Records from a dataset
(* For any two undirected graphs $G,H$, with $G+H$ denoting their disjoint union, $\beta(G+H)=\beta(G)+\beta(H)$ and $\beta^*(G+H)=\beta^*(G)+\beta^*(H)$.
   Context: For an undirected graph $G$ on vertex set $[n]$, consider the index coding problem: a server holds messages $x_1,\dots,x_n\in\Sigma$ ($|\Sigma|>1$), receiver $i$ wants $x_i$ and knows $x_j$ for every neighbor $j$ of $i$. A solution is an encoding $\mathcal{E}:\Sigma^n\to\Sigma_P$ from which each receiver can recover its message given its side information, for all message values. $\beta_t(G)$ is the minimum of $\lceil\log_2|\Sigma_P|\rceil$ over solutions with $|\Sigma|=2^t$; $\beta(G)=\lim_t\beta_t(G)/t=\inf_t\beta_t(G)/t$. For a positive integer $t$, $t\cdot G$ denotes the disjoint union of $t$ copies of $G$, and $\beta^*(G)=\lim_{t\to\infty}\frac1t\beta_1(t\cdot G)=\inf_t\frac1t\beta_1(t\cdot G)$. *)

From HB Require Import structures.
From mathcomp Require Import all_boot all_order all_algebra.
From mathcomp Require Import classical_sets reals.
Set Implicit Arguments. Unset Strict Implicit. Unset Printing Implicit Defensive.
Import Order.TTheory GRing.Theory Num.Theory.
Local Open Scope ring_scope.
Local Open Scope classical_set_scope.
Theorem mainTheorem10 (G E : Type) (mul : G -> G -> G) (one : G) (inv : G -> G)
  (mulE : E -> E -> E)
  (HG : is_group mul one inv)
  (HGfg : exists B : list G, sgp_generates mul B)
  (HEfin : exists l : list E, forall e, In e l)
  (HEne : inhabited E)
  (HErz : right_zero mulE)
  (A : list (G * E)) (HA : sgp_generates (prod_mul mul mulE) A)
  (B : list G) (HB : sgp_generates mul B) :
  same_number_of_ends (right_cayley (prod_mul mul mulE) A) (right_cayley mul B).
Proof.
  destruct HEfin as [lE HlE], HEne as [e0].
  pose proof (prod_mul_assoc mul one inv mulE HG HErz) as Hassoc.
  destruct (cayley_reach_within_bounded mul B (proj1 HG) HB (map fst A)) as [K1 HK1].
  destruct (cayley_reach_within_bounded _ A Hassoc HA (map (fun b => (b, e0)) B)) as [K2 HK2].
  destruct (cayley_reach_within_bounded _ A Hassoc HA (map (pair one) lE)) as [K3 HK3].
  apply (same_number_of_ends_of_coarse_equivalence _ _ fst (fun g => (g, e0)) (K1 + K2 + K3)).
  - split; [apply cayley_finite_indegree | apply cayley_finite_outdegree].
    intros a _. apply (prod_right_mul_fibres mul one inv mulE HG lE HlE).
  - split; [apply cayley_finite_indegree | apply cayley_finite_outdegree].
    intros a _. apply (group_right_mul_fibres mul one inv HG).
  - apply (fst_fibres lE HlE).
  - reflexivity.
  - apply fst_coarse, HK1. lia.
  - apply pair_coarse; [exact HErz | apply HK2; lia].
  - apply (pair_fst_near mul one inv mulE HG HErz lE HlE), HK3. lia.
Qed.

• _ACTIVITY_
Copy each line from the data above that includes "Hassoc".

• _TASK SOLUTION_
  pose proof (prod_mul_assoc mul one inv mulE HG HErz) as Hassoc.
  destruct (cayley_reach_within_bounded _ A Hassoc HA (map (fun b => (b, e0)) B)) as [K2 HK2].
  destruct (cayley_reach_within_bounded _ A Hassoc HA (map (pair one) lE)) as [K3 HK3].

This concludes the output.